The current president is Volodymyr Zelenskyy, who took the oath of office on 20 May 2019. Due to martial law, elections in the country have been suspended.

==Overview==
The president is also the supreme commander-in-chief of the Ukrainian Armed Forces, and heads the National Security and Defence Council, which advises the president, co-ordinates and controls executive power in the sphere of national security and defence. According to the Constitution of Ukraine, the president is the guarantor of the state's sovereignty, territorial indivisibility, the observance of the Constitution of Ukraine and human and citizens' rights and freedoms.

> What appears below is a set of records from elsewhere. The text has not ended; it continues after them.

(* Let $P_0,\dots,P_n$ be a transformation sequence constructed by using the transformation rules R1–R9 (defined in the context), and let $p$ be a non-basic predicate in $P_n$. Assume that: 1. if the folding rule is applied for the derivation of a clause $C$ in program $P_{k+1}$ from clauses $C_1,\dots,C_m$ in program $P_k$ using clauses $D_1,\dots,D_m$ in $\mathit{Defs}_k$, with $0\le k<n$, then for every $i\in\{1,\dots,m\}$ there exists $j\in\{1,\dots,n-1\}$ such that $D_i$ occurs in $P_j$ and $P_{j+1}$ is derived from $P_j$ by unfolding $D_i$; 2. during the transformation sequence $P_0,\dots,P_n$ the definition elimination rule either is never applied or it is applied w.r.t. predicate $p$ once only, in the last step, i.e. when deriving $P_n$ from $P_{n-1}$. Then, for every ground atom $A$ with predicate $p$, $M(P_0\cup\mathit{Defs}_n)\models A$ iff $M(P_n)\models A$.
   Context: Syntax. There are infinite, pairwise disjoint sets of variables, function symbols (each with an arity) and predicate symbols (each with an arity). The predicate symbols $\mathit{true}$ (arity 0), $=$ and $\neq$ (arity 2) are basic; all other predicate symbols are non-basic. Terms are built from variables and function symbols. A basic atom is $\mathit{true}$, $t_1=t_2$ (an equation) or $t_1\neq t_2$ (a disequation); a non-basic atom is $p(t_1,\dots,t_m)$ with $p$ non-basic. A goal is a conjunction $G_1,G_2$ of atoms, where '','' is associative with neutral element $\mathit{true}$. A clause $C$ is $A\leftarrow G$ with $A$ a non-basic atom (its head $hd(C)$) and $G$ a goal (its body $bd(C)$); it is a clause for $p$ if its head has predicate $p$. A program is a set of clauses. In a program $P$, $p$ depends on $q$ iff $(p,q)$ is in the transitive closure of the relation ''some clause for $p$ in $P$ has $q$ in its body''; $p$ depends on a clause $C$ iff either $C$ is a clause for $p$ or $C$ is a clause for some $q$ on which $p$ depends. A renamed apart clause is a variant of a clause whose variables are fresh. All mgu's are relevant and idempotent. Declarative semantics. An $\mathcal H$-interpretation is a set $I$ of ground non-basic atoms. $I\models \mathit{true}$; $I\models t=t$ for every ground term $t$; $I\models t_1\neq t_2$ for distinct ground terms $t_1,t_2$; $I\models A$ iff $A\in I$ for ground non-basic $A$; $I\models G_1,G_2$ iff $I\models G_1$ and $I\models G_2$; $I\models C$ for a ground clause iff $I\models hd(C)$ or $I\not\models bd(C)$; $I\models P$ iff $I\models C$ for every ground instance $C$ of a clause of $P$. $M(P)$ denotes the least (w.r.t. inclusion) $\mathcal H$-interpretation $I$ with $I\models P$. Transformation rules. A transformation sequence is a sequence of programs $P_0,\dots,P_n$ where for each $k<n$, $P_{k+1}$ is derived from $P_k$ by one of the rules below. $\mathit{Defs}_k$ is the set of clauses (definition clauses) introduced by R1 during the construction of $P_0,\dots,P_k$ ($\mathit{Defs}_0=\emptyset$). R1 (Definition introduction): $P_{k+1}=P_k\cup\{D_1,\dots,D_m\}$, $m\ge1$, where $D_j$ is $\mathit{newp}(X_1,\dots,X_h)\leftarrow \mathit{Body}_j$, $\mathit{newp}$ is a non-basic predicate not occurring in $P_0,\dots,P_k$, $X_1,\dots,X_h$ are distinct variables each occurring in some $\mathit{Body}_j$, every non-basic predicate in each $\mathit{Body}_j$ occurs in $P_0$, and each $\mathit{Body}_j$ contains at least one non-basic atom. R2 (Definition elimination w.r.t. $p$): $P_{k+1}=\{C\in P_k\mid p \text{ depends on } C\}$. R3 (Unfolding): let $C$ be a renamed apart clause $H\leftarrow G_1,A,G_2$ of $P_k$ with $A$ non-basic, and let $C_1,\dots,C_m$ ($m\ge0$) be the clauses of $P_k$ whose heads unify with $A$, via mgu's $\vartheta_1,\dots,\vartheta_m$; then $P_{k+1}=(P_k-\{C\})\cup\{D_1,\dots,D_m\}$ with $D_i=(H\leftarrow G_1,bd(C_i),G_2)\vartheta_i$. R4 (Folding): let $C_i: H\leftarrow G_1,\mathit{Body}_i\vartheta,G_2$ ($i=1,\dots,m$) be renamed clauses of $P_k$ and $D_i:\mathit{newp}(X_1,\dots,X_h)\leftarrow \mathit{Body}_i$ ($i=1,\dots,m$) be all clauses of $\mathit{Defs}_k$ with head predicate $\mathit{newp}$, such that for every $i$ and every variable $X$ of $\mathit{Body}_i$ not in $\{X_1,\dots,X_h\}$: $X\vartheta$ is a variable not occurring in $(H,G_1,G_2)$, and $X\vartheta$ does not occur in $Y\vartheta$ for any variable $Y\neq X$ of $\mathit{Body}_i$. Then $P_{k+1}=(P_k-\{C_1,\dots,C_m\})\cup\{E\}$ with $E: H\leftarrow G_1,\mathit{newp}(X_1,\dots,X_h)\vartheta,G_2$. R5 (Subsumption): a clause $H\leftarrow G_1$ subsumes $(H\leftarrow G_1,G_2)\vartheta$ for any substitution $\vartheta$; $P_{k+1}$ is $P_k$ minus a clause subsumed by another clause of $P_k$. R6 (Head generalization): for a clause $C: H\{X/t\}\leftarrow \mathit{Body}$ in $P_k$ where $X$ occurs in $H$ and $X$ does not occur in $C$, replace $C$ by $H\leftarrow X=t,\mathit{Body}$. R7 (Case split): for a clause $C: H\leftarrow \mathit{Body}$ in $P_k$ and a binding $X/t$ with $X$ not occurring in $t$, replace $C$ by the two clauses $(H\leftarrow\mathit{Body})\{X/t\}$ and $H\leftarrow X\neq t,\mathit{Body}$. R8 (Equation elimination): for $C_1: H\leftarrow G_1,t_1=t_2,G_2$ in $P_k$: if $t_1,t_2$ unify with mgu $\vartheta$, replace $C_1$ by $(H\leftarrow G_1,G_2)\vartheta$; otherwise delete $C_1$. R9 (Disequation replacement), for a clause $C$ of $P_k$: (1) if $C$ is $H\leftarrow G_1,t_1\neq t_2,G_2$ with $t_1,t_2$ not unifiable, replace it by $H\leftarrow G_1,G_2$; (2) if $C$ is $H\leftarrow G_1,f(t_1,\dots,t_m)\neq f(u_1,\dots,u_m),G_2$, replace it by the $m$ clauses $H\leftarrow G_1,t_i\neq u_i,G_2$; (3) if $C$ is $H\leftarrow G_1,X\neq X,G_2$, remove it; (4) if $C$ is $H\leftarrow G_1,t\neq X,G_2$, replace it by $H\leftarrow G_1,X\neq t,G_2$; (5) if $C$ is $H\leftarrow G_1,X\neq t_1,G_2,X\neq t_2,G_3$ and there is a bijection $\rho$ from the local variables of $X\neq t_1$ in $C$ onto those of $X\neq t_2$ in $C$ with $t_1\rho=t_2$, replace it by $H\leftarrow G_1,X\neq t_1,G_2,G_3$. (A variable $X$ is a local variable of goal $G$ in clause $H\leftarrow G_1,G,G_2$ iff $X\in vars(G)-vars(H,G_1,G_2)$.) *)

From Stdlib Require Import List Arith Relations.
Import ListNotations.

(* A function symbol is identified by (name, arity); the arity of the symbol
   applied in [Fn f ts] is [length ts]. Hence every tree is well formed and
   there are infinitely many function symbols of each arity. *)
Inductive term : Type :=
| Var (x : nat)
| Fn (f : nat) (args : list term).

Fixpoint tvars (t : term) : list nat :=
  match t with
  | Var x => [x]
  | Fn _ ts => flat_map tvars ts
  end.

Definition ground (t : term) : Prop := tvars t = [].

Definition subst := nat -> term.

Fixpoint tsubst (s : subst) (t : term) : term :=
  match t with
  | Var x => s x
  | Fn f ts => Fn f (map (tsubst s) ts)
  end.

Definition subst1 (x : nat) (t : term) : subst :=
  fun y => if Nat.eqb y x then t else Var y.

(* non-basic predicate symbols: (name, arity) *)
Definition pred := (nat * nat)%type.

(* atoms other than [true]; the goal [true] is the empty list, so that
   "," is associative with neutral element true *)
Inductive lit : Type :=
| LEq (t1 t2 : term)
| LNeq (t1 t2 : term)
| LAt (p : nat) (args : list term).

Definition goal := list lit.
Definition hatom := (nat * list term)%type.
Definition clause := (hatom * goal)%type.
Definition program := list clause.          (* finite set of clauses (membership = In) *)

Definition hd (c : clause) : hatom := fst c.
Definition bd (c : clause) : goal := snd c.

Definition hpred (a : hatom) : pred := (fst a, length (snd a)).

Definition avars (a : hatom) : list nat := flat_map tvars (snd a).
Definition lvars (l : lit) : list nat :=
  match l with
  | LEq t1 t2 => tvars t1 ++ tvars t2
  | LNeq t1 t2 => tvars t1 ++ tvars t2
  | LAt _ ts => flat_map tvars ts
  end.
Definition gvars (g : goal) : list nat := flat_map lvars g.
Definition cvars (c : clause) : list nat := avars (hd c) ++ gvars (bd c).

Definition asubst (s : subst) (a : hatom) : hatom := (fst a, map (tsubst s) (snd a)).
Definition lsubst (s : subst) (l : lit) : lit :=
  match l with
  | LEq t1 t2 => LEq (tsubst s t1) (tsubst s t2)
  | LNeq t1 t2 => LNeq (tsubst s t1) (tsubst s t2)
  | LAt p ts => LAt p (map (tsubst s) ts)
  end.
Definition gsubst (s : subst) (g : goal) : goal := map (lsubst s) g.
Definition csubst (s : subst) (c : clause) : clause := (asubst s (hd c), gsubst s (bd c)).

Definition lpreds (l : lit) : list pred :=
  match l with LAt p ts => [(p, length ts)] | _ => [] end.
Definition gpreds (g : goal) : list pred := flat_map lpreds g.
Definition cpreds (c : clause) : list pred := hpred (hd c) :: gpreds (bd c).

Definition occurs_pred (P : program) (q : pred) : Prop :=
  exists c, In c P /\ In q (cpreds c).

Definition unifier (s : subst) (ts us : list term) : Prop :=
  map (tsubst s) ts = map (tsubst s) us.
Definition unifiable (ts us : list term) : Prop := exists s, unifier s ts us.
Definition idempotent (s : subst) : Prop := forall x, tsubst s (s x) = s x.
Definition relevant (s : subst) (V : list nat) : Prop :=
  forall x, s x <> Var x -> In x V /\ (forall y, In y (tvars (s x)) -> In y V).
Definition most_general (s : subst) (ts us : list term) : Prop :=
  forall s', unifier s' ts us -> exists e, forall x, s' x = tsubst e (s x).
Definition mgu (s : subst) (ts us : list term) : Prop :=
  unifier s ts us /\ most_general s ts us /\ idempotent s /\
  relevant s (flat_map tvars ts ++ flat_map tvars us).

Definition renaming (r : nat -> nat) : Prop :=
  exists r', forall x, r' (r x) = x /\ r (r' x) = x.
Definition rename (r : nat -> nat) (c : clause) : clause :=
  csubst (fun x => Var (r x)) c.

Definition dep1 (P : program) (p q : pred) : Prop :=
  exists c, In c P /\ hpred (hd c) = p /\ In q (gpreds (bd c)).
Definition depends (P : program) (p q : pred) : Prop := clos_trans pred (dep1 P) p q.
Definition depends_cl (P : program) (p : pred) (c : clause) : Prop :=
  hpred (hd c) = p \/ exists q, depends P p q /\ hpred (hd c) = q.

Definition replace (P : program) (C : clause) (news : list clause) (P' : program) : Prop :=
  forall c, In c P' <-> (In c P /\ c <> C) \/ In c news.

(* R1: Ps gives P_0..P_k; P = P_k, P' = P_{k+1} *)
Definition R1_def_intro (Ps : nat -> program) (k : nat) (ds : list clause)
    (P P' : program) : Prop :=
  exists (newp : nat) (xs : list nat),
    ds <> [] /\ NoDup xs /\
    (forall i, i <= k -> ~ occurs_pred (Ps i) (newp, length xs)) /\
    (forall d, In d ds ->
        hd d = (newp, map Var xs) /\
        (forall q, In q (gpreds (bd d)) -> occurs_pred (Ps 0) q) /\
        (exists q ts, In (LAt q ts) (bd d))) /\
    (forall x, In x xs -> exists d, In d ds /\ In x (gvars (bd d))) /\
    (forall c, In c P' <-> In c P \/ In c ds).

Definition R2_def_elim (p : pred) (P P' : program) : Prop :=
  forall c, In c P' <-> In c P /\ depends_cl P p c.

Definition R3_unfold (C0 : clause) (P P' : program) : Prop :=
  In C0 P /\
  exists (r : nat -> nat) (H : hatom) (G1 G2 : goal) (a : nat) (args : list term)
         (th : clause -> subst),
    renaming r /\
    rename r C0 = (H, G1 ++ LAt a args :: G2) /\
    (forall c x, In c P -> In x (cvars (rename r C0)) -> ~ In x (cvars c)) /\
    (forall ci, In ci P -> fst (hd ci) = a -> unifiable args (snd (hd ci)) ->
        mgu (th ci) args (snd (hd ci))) /\
    (forall c, In c P' <->
        (In c P /\ c <> C0) \/
        exists ci, In ci P /\ fst (hd ci) = a /\ unifiable args (snd (hd ci)) /\
                   c = csubst (th ci) (H, G1 ++ bd ci ++ G2)).

Definition dummy_clause : clause := ((0, []), []).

As with the separation of powers, the president has checks on the authority of parliament and the judicial system. For instance, any law passed by the parliament can be vetoed by the president; however, parliament can override their veto with a 2/3 constitutional majority vote. The president has limited authority to disband the Verkhovna Rada (parliament), and nominates candidates for the minister of foreign affairs and the minister of defence in the Ukrainian Cabinet of Ministers. Six out of eighteen of the Constitutional Court judges are appointed by the president. Decisions of the president are subject to review by Ukraine's courts with the Constitutional Court having the sole authority and power to declare decrees of the president unconstitutional. While in office, the president enjoys the right of immunity.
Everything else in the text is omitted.